On the pullback of an arithmetic theta function

Abstract

In this paper, we describe a relationship between the simplest examples of arithmetic theta series. The first of these are the weight 1 theta series \({\widehat{\phi}_{\mathcal C}(\tau)}\) defined using arithmetic 0-cycles on the moduli space \({\mathcal C}\) of elliptic curves with CM by the ring of integers \({O_{\kappa}}\) of an imaginary quadratic field.
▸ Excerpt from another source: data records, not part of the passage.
Lemma cone_le_scale_iter a c v y : interior C v -> interior C y -> 0 < a -> 0 < c ->
  cone_le C (c *: v) (f v) -> cone_le C (a *: v) y ->
  forall k, cone_le C ((a * c ^+ k) *: v) (iter k f y).
Proof.
move=> Iv Iy a0 c0 cv_fv avy; elim=> [|k IHk]; first by rewrite mulr1.
have ack : 0 < a * c ^+ k by rewrite mulr_gt0 ?exprn_gt0.
rewrite iterS exprSr mulrA -scalerA.
exact: (cone_le_trans coneC (cone_leZ2l coneC (ltW ack) cv_fv)
  (cone_le_scale_f Iv (iter_interior k Iy) ack IHk)).
Qed.

Lemma cone_le_iter_scale b D v y : interior C v -> interior C y -> 0 < b -> 0 < D ->
  cone_le C (f v) (D *: v) -> cone_le C y (b *: v) ->
  forall k, cone_le C (iter k f y) ((b * D ^+ k) *: v).
Proof.
move=> Iv Iy b0 D0 fv_Dv ybv; elim=> [|k IHk]; first by rewrite mulr1.
have bDk : 0 < b * D ^+ k by rewrite mulr_gt0 ?exprn_gt0.
rewrite iterS exprSr mulrA -scalerA.
exact: (cone_le_trans coneC (cone_le_f_scale Iv (iter_interior k Iy) bDk IHk)
  (cone_leZ2l coneC (ltW bDk) fv_Dv)).
Qed.

(* f is nonexpansive for d_H, and d_H satisfies the triangle inequality. *)
Lemma hilbert_f_le y u : interior C y -> interior C u ->
  hilbert C (f u) u <= hilbert C y u + hilbert C (f y) u.
Proof.
move=> Iy Iu; have Ify := f_interior Iy.
have m0 := mxy_gt0 coneC X_nontrivial Iy Iu; have M0 := Mxy_gt0 coneC X_nontrivial Iy Iu.
have m1 := mxy_gt0 coneC X_nontrivial Ify Iu; have M1 := Mxy_gt0 coneC X_nontrivial Ify Iu.
have fu_le : cone_le C (f u) ((Mxy C (f y) u / mxy C y u) *: u).
  rewrite mulrC -scalerA; apply: (cone_le_invZl coneC m0).
  exact: (cone_le_trans coneC (cone_le_scale_f Iu Iy m0 (mxy_cone_le coneC X_nontrivial Iy Iu))
    (cone_le_Mxy coneC _ Iu)).
have fu_ge : cone_le C ((mxy C (f y) u / Mxy C y u) *: u) (f u).
  rewrite mulrC -scalerA; apply: (cone_le_invZr coneC M0).
  exact: (cone_le_trans coneC (mxy_cone_le coneC X_nontrivial Ify Iu)
    (cone_le_f_scale Iu Iy M0 (cone_le_Mxy coneC y Iu))).
have fu_ge0 : 0 < mxy C (f y) u / Mxy C y u by rewrite divr_gt0.
apply: le_trans (hilbert_le_ln coneC X_nontrivial (f_interior Iu) Iu fu_ge0 fu_ge fu_le) _.
rewrite /hilbert -lnM ?posrE ?divr_gt0 // le_eqVlt; apply/orP; left; apply/eqP.
by congr ln; field; rewrite !gt_eqF.
Qed.

End OrderPreservingMaps.

Section ConeSpectralRadius.
Variables (R : realType) (X : normedModType R) (C : set X) (f : X -> X) (kappa : R).
Hypotheses (coneC : closed_cone C) (X_nontrivial : exists v : X, v != 0).
Hypothesis kappa0 : 0 < kappa.
Hypothesis normalC : forall x y, cone_le C 0 x -> cone_le C x y -> `|x| <= kappa * `|y|.
Hypothesis C_nonempty : interior C !=set0.
Hypotheses (f_interior : forall y, interior C y -> interior C (f y))
  (f_mono : order_preserving C f) (f_hom : homogeneous C f).

Local Notation r := (fine (cone_spectral_radius C f)).

(* Normality turns order bounds on the orbit of the reference point of
   cone_spectral_radius into norm bounds. *)
Lemma cone_spectral_radius_bounds v c D : interior C v -> 0 < c -> 0 < D ->
  cone_le C (c *: v) (f v) -> cone_le C (f v) (D *: v) -> c <= r <= D.
Proof.
move=> Iv c0 D0 cv_fv fv_Dv; set y := xget 0 (interior C).
have Iy : interior C y := xgetPex 0 C_nonempty.
have [a a0 av_y] := exists_scale_cone_le coneC Iv Iy.
have [b b0 y_bv] := exists_cone_le_scale coneC y Iv.
have v0 : 0 < `|v| by rewrite normr_gt0 (interior_neq0 coneC X_nontrivial).
rewrite /cone_spectral_radius -/y.
apply: (limsup_root_bounds (A := a * `|v| / kappa) (B := kappa * b * `|v|)) => // [||k|k].
- by rewrite !mulr_gt0 ?invr_gt0.
- by rewrite !mulr_gt0.
- have ack : 0 <= a * c ^+ k by rewrite mulr_ge0 ?exprn_ge0 ?(ltW a0) ?(ltW c0).
  have := normal_cone_norm_le normalC (coneZ coneC ack (nbhs_singleton Iv))
    (cone_le_scale_iter coneC f_interior f_mono f_hom Iv Iy a0 c0 cv_fv av_y k).
  rewrite normrZ ger0_norm // => h; rewrite mulrAC ler_pdivrMr //; lra.
- have bDk : 0 <= b * D ^+ k by rewrite mulr_ge0 ?exprn_ge0 ?(ltW b0) ?(ltW D0).
  have := normal_cone_norm_le normalC (nbhs_singleton (iter_interior f_interior k Iy))
    (cone_le_iter_scale coneC f_interior f_mono f_hom Iv Iy b0 D0 fv_Dv y_bv k).
  by rewrite normrZ ger0_norm //; lra.
Qed.
Lemma Or_eval x y l b1 b2 : eval x l (Nat.b2n b1) -> eval y l (Nat.b2n b2) ->
  eval (Or x y) l (Nat.b2n (b1 || b2)).
Proof.
  intros. eapply eval_eq; [apply Ifz_eval; eauto; apply One_eval|]. now destruct b1.
Qed.

Lemma Ltb_eval x y l vx vy : eval x l vx -> eval y l vy ->
  eval (Ltb x y) l (Nat.b2n (vx <? vy)).
Proof.
  intros. eapply eval_eq; [apply IsZero_eval, Sub_eval; [apply Succ_eval|]; eauto|].
  f_equal. apply eq_true_iff_eq. rewrite Nat.eqb_eq, Nat.ltb_lt. lia.
Qed.

Lemma Eqb_eval x y l vx vy : eval x l vx -> eval y l vy ->
  eval (Eqb x y) l (Nat.b2n (vx =? vy)).
Proof.
  intros. eapply eval_eq; [apply And_eval; apply IsZero_eval, Sub_eval; eauto|].
  f_equal. apply eq_true_iff_eq. rewrite andb_true_iff, !Nat.eqb_eq. lia.
Qed.

Definition forall_upto (k : nat) (b : nat -> bool) : bool := forallb b (seq 0 (S k)).

Lemma forall_upto_spec k b : forall_upto k b = true <-> forall j, j <= k -> b j = true.
Proof.
  unfold forall_upto. rewrite forallb_forall.
  split; intros H j Hj; apply H; apply in_seq in Hj || apply in_seq; lia.
Qed.

Definition BAll (n : nat) (c : mrec) : mrec :=
  MPrec (MComp c (MZero :: projs 0 n)) (And (MProj 1) (MComp c (Succ (MProj 0) :: projs 2 n))).

Lemma BAll_eval n c ps b k : length ps = n ->
  (forall j, eval c (j :: ps) (Nat.b2n (b j))) ->
  eval (BAll n c) (k :: ps) (Nat.b2n (forall_upto k b)).
Proof.
  intros Hl Hb. induction k as [|k IHk].
  - constructor. eapply eval_eq; [eapply ev_comp; [|apply Hb]|].
    + constructor; [constructor|]. now apply (projs_eval_len 0 n []).
    + unfold forall_upto; simpl. now destruct (b 0).
  - eapply ev_precS; [exact IHk|].
    eapply eval_eq; [apply And_eval with (b1 := forall_upto k b); [apply (ev_proj 1)|]|].
    + eapply ev_comp; [|apply Hb]. constructor; [apply Succ_eval, (ev_proj 0)|].
      change (k :: Nat.b2n (forall_upto k b) :: ps) with ([k; Nat.b2n (forall_upto k b)] ++ ps).
      now apply projs_eval_len.
    + unfold forall_upto. now rewrite (seq_S (S k)), forallb_app; simpl; rewrite andb_true_r.
Qed.

Lemma least_witness (P : nat -> bool) k : P k = true ->
  exists j, P j = true /\ forall i, i < j -> P i = false.
Proof.
  induction k as [k IH] using lt_wf_ind; intros Hk.
  destruct (classic (exists i, i < k /\ P i = true)) as [[i [Hi Pi]]|Hno].
  - exact (IH i Hi Pi).
  - exists k. split; auto. intros i Hi. apply not_true_is_false. intros Pi. eauto.
Qed.

Lemma computable_rel_of_decider (R : nat -> nat -> Prop) (c : mrec) (d : nat -> nat -> bool) :
  (forall a b, eval c [a; b] (Nat.b2n (d a b))) ->
  (forall a b, R a b <-> d a b = true) -> computable_rel R.
Proof.
  intros Hc HR. exists c. intros a b. rewrite HR.
  split; intros H; eapply eval_eq; eauto.
  - now rewrite H.
  - now rewrite (not_true_is_false _ H).
Qed.

Lemma ce_rel_of_search (R : nat -> nat -> Prop) (c : mrec) (d : nat -> nat -> nat -> bool) :
  (forall k a b, eval c [k; a; b] (Nat.b2n (negb (d k a b)))) ->
  (forall a b, R a b <-> exists k, d k a b = true) -> ce_rel R.
Proof.
  intros Hc HR. exists (MMu c). intros a b. rewrite HR. split.
  - intros [k Hk]. destruct (least_witness (fun k => d k a b) k Hk) as [j [Hj Hlt]].
    exists j. constructor.
    + eapply eval_eq; [apply Hc|]. now rewrite Hj.
    + intros i Hi. exists 0. eapply eval_eq; [apply Hc|]. now rewrite (Hlt i Hi).
  - intros [y Hy]. apply eval_mu_inv in Hy as [Hy _].
    exists y. pose proof (eval_functional _ _ _ _ Hy (Hc y a b)) as E.
    now destruct (d y a b).
Qed.

(* Counts down from [n] to [0], then restarts at the current index, so every value recurs
   infinitely often. *)
Fixpoint label (n : nat) : nat :=
  match n with
  | 0 => 0
  | S k => match label k with 0 => S k | S l => l end
  end.

Lemma label_le n : label n <= n.
Proof. induction n; simpl; auto. destruct (label n); lia. Qed.

Lemma label_countdown j : forall n v, label n = v + j -> label (n + j) = v.
Proof.
  induction j; intros n v H; [rewrite Nat.add_0_r; lia|].
  rewrite <- Nat.add_succ_comm. apply IHj. simpl. rewrite H, Nat.add_succ_r. reflexivity.
Qed.

Lemma label_recurs a N : exists n, N <= n /\ label n = a.
Proof.
  set (m := N + a + label (N + a)).
  assert (Hm : label m = 0) by (apply label_countdown; lia).
  assert (Hm1 : label (S m) = S m) by (simpl; now rewrite Hm).
  exists (S m + (S m - a)). split; [lia|].
  apply label_countdown. rewrite Hm1. lia.
Qed.

Section Construction.

Variable prec : nat -> nat -> Prop.
Variable Q : nat -> nat -> nat -> Prop.
Hypothesis prec_trans : transitive_rel prec.
Hypothesis prec_approx : forall a c, prec a c <-> exists u, Q u a c.
Hypothesis approx_mono : forall u u' a c, u <= u' -> Q u a c -> Q u' a c.

Definition trans_below (k u : nat) : Prop :=
  forall a b c, a <= k -> b <= k -> c <= k -> Q u a b -> Q u b c -> Q u a c.

(* The transitivity requirements at stage [n] are what makes [strict] transitive although the
   stages [Q n] themselves need not be. *)
Definition strict (m n : nat) : Prop :=
  m < n /\ trans_below m n /\ trans_below (label n) n /\ Q n (label m) (label n).

Definition sq (m n : nat) : Prop := m = n \/ strict m n.

Definition lift_ideal (I : nat -> Prop) (m : nat) : Prop :=
  exists n, strict m n /\ I (label n).

Definition label_image (J : nat -> Prop) (a : nat) : Prop :=
  exists m, J m /\ label m = a.

Lemma trans_below_le k j u : trans_below k u -> j <= k -> trans_below j u.
Proof. intros H Hj a b c Ha Hb Hc. apply H; lia. Qed.

Lemma trans_below_max k j u : trans_below k u -> trans_below j u -> trans_below (max k j) u.
Proof. intros. destruct (Nat.max_spec k j) as [[_ ->]|[_ ->]]; auto. Qed.

Lemma approx_eventually a c : prec a c -> exists U, forall u, U <= u -> Q u a c.
Proof.
  intros H. apply prec_approx in H as [u Hu]. exists u. intros; eauto.
Qed.

Lemma trans_below_eventually k : exists U, forall u, U <= u -> trans_below k u.
Proof.
  destruct (uniform_bound (fun a t => forall c, c <= k -> prec a c -> Q t a c) (S k)) as [U HU].
  { intros j t t' H Htt c Hc Hp. eauto. }
  { intros a _.
    destruct (uniform_bound (fun c t => prec a c -> Q t a c) (S k)) as [U HU].
    { intros j t t' H Htt Hp. eauto. }
    { intros c _. destruct (classic (prec a c)) as [Hp|Hp].
      - apply prec_approx in Hp as [u Hu]. eauto.
      - exists 0. tauto. }
    exists U. intros c Hc. apply HU. lia. }
  exists U. intros u Hu a b c Ha Hb Hc H1 H2.
  apply approx_mono with U; [exact Hu|]. apply HU; [lia|lia|].
  apply (prec_trans a b c); apply prec_approx; eauto.
Qed.

Lemma strict_lt m n : strict m n -> m < n.
Proof. now intros []. Qed.

Lemma strict_prec m n : strict m n -> prec (label m) (label n).
Proof. intros (_ & _ & _ & H). apply prec_approx. eauto. Qed.

Lemma strict_trans m k n : strict m k -> strict k n -> strict m n.
Proof.
  intros (H1 & H2 & H3 & H4) (G1 & G2 & G3 & G4).
  split; [lia|]. split; [apply (trans_below_le k); [exact G2|lia]|]. split; [exact G3|].
  pose proof (label_le m). pose proof (label_le k).
  apply (trans_below_max k (label n) n G2 G3 (label m) (label k) (label n)); try lia; auto.
  apply approx_mono with k; [lia|exact H4].
Qed.

Lemma strict_start_eventually m x : prec (label m) x ->
  exists N, forall n, N <= n -> m < n /\ trans_below m n /\ Q n (label m) x.
Proof.
  intros Hp. destruct (approx_eventually _ _ Hp) as [U1 HU1].
  destruct (trans_below_eventually m) as [U2 HU2].
  exists (max (S m) (max U1 U2)). intros n Hn.
  repeat split; [lia|apply HU2; lia|apply HU1; lia].
Qed.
The second such series \({\widehat{\phi}_{\mathcal M}(\tau)}\) has weight 3/2 and takes values in the arithmetic Chow group \({\widehat{{\rm CH}}^1(\mathcal{M})}\) of the arithmetic surface associated to an indefinite quaternion algebra \({B/\mathbb{Q}}\). For an embedding \({O_\kappa \rightarrow O_B}\), a maximal order in B, and a two sided O B -ideal Λ, there is a morphism \({j_\Lambda:{\mathcal C} \rightarrow {\mathcal M}}\) and a pullback \({j_\Lambda^*: \widehat{{\rm CH}}^1(\mathcal{M}) \rightarrow \widehat{{\rm CH}}^1(\mathcal C)}\). Our main result is an expression for the pullback \({j^*_\Lambda \widehat{\phi}_{\mathcal M}(\tau)}\) as a linear combination of products of \({\widehat{\phi}_{\mathcal C}(\tau)}\)’s and classical weight \({\frac{1}{2}}\) theta series.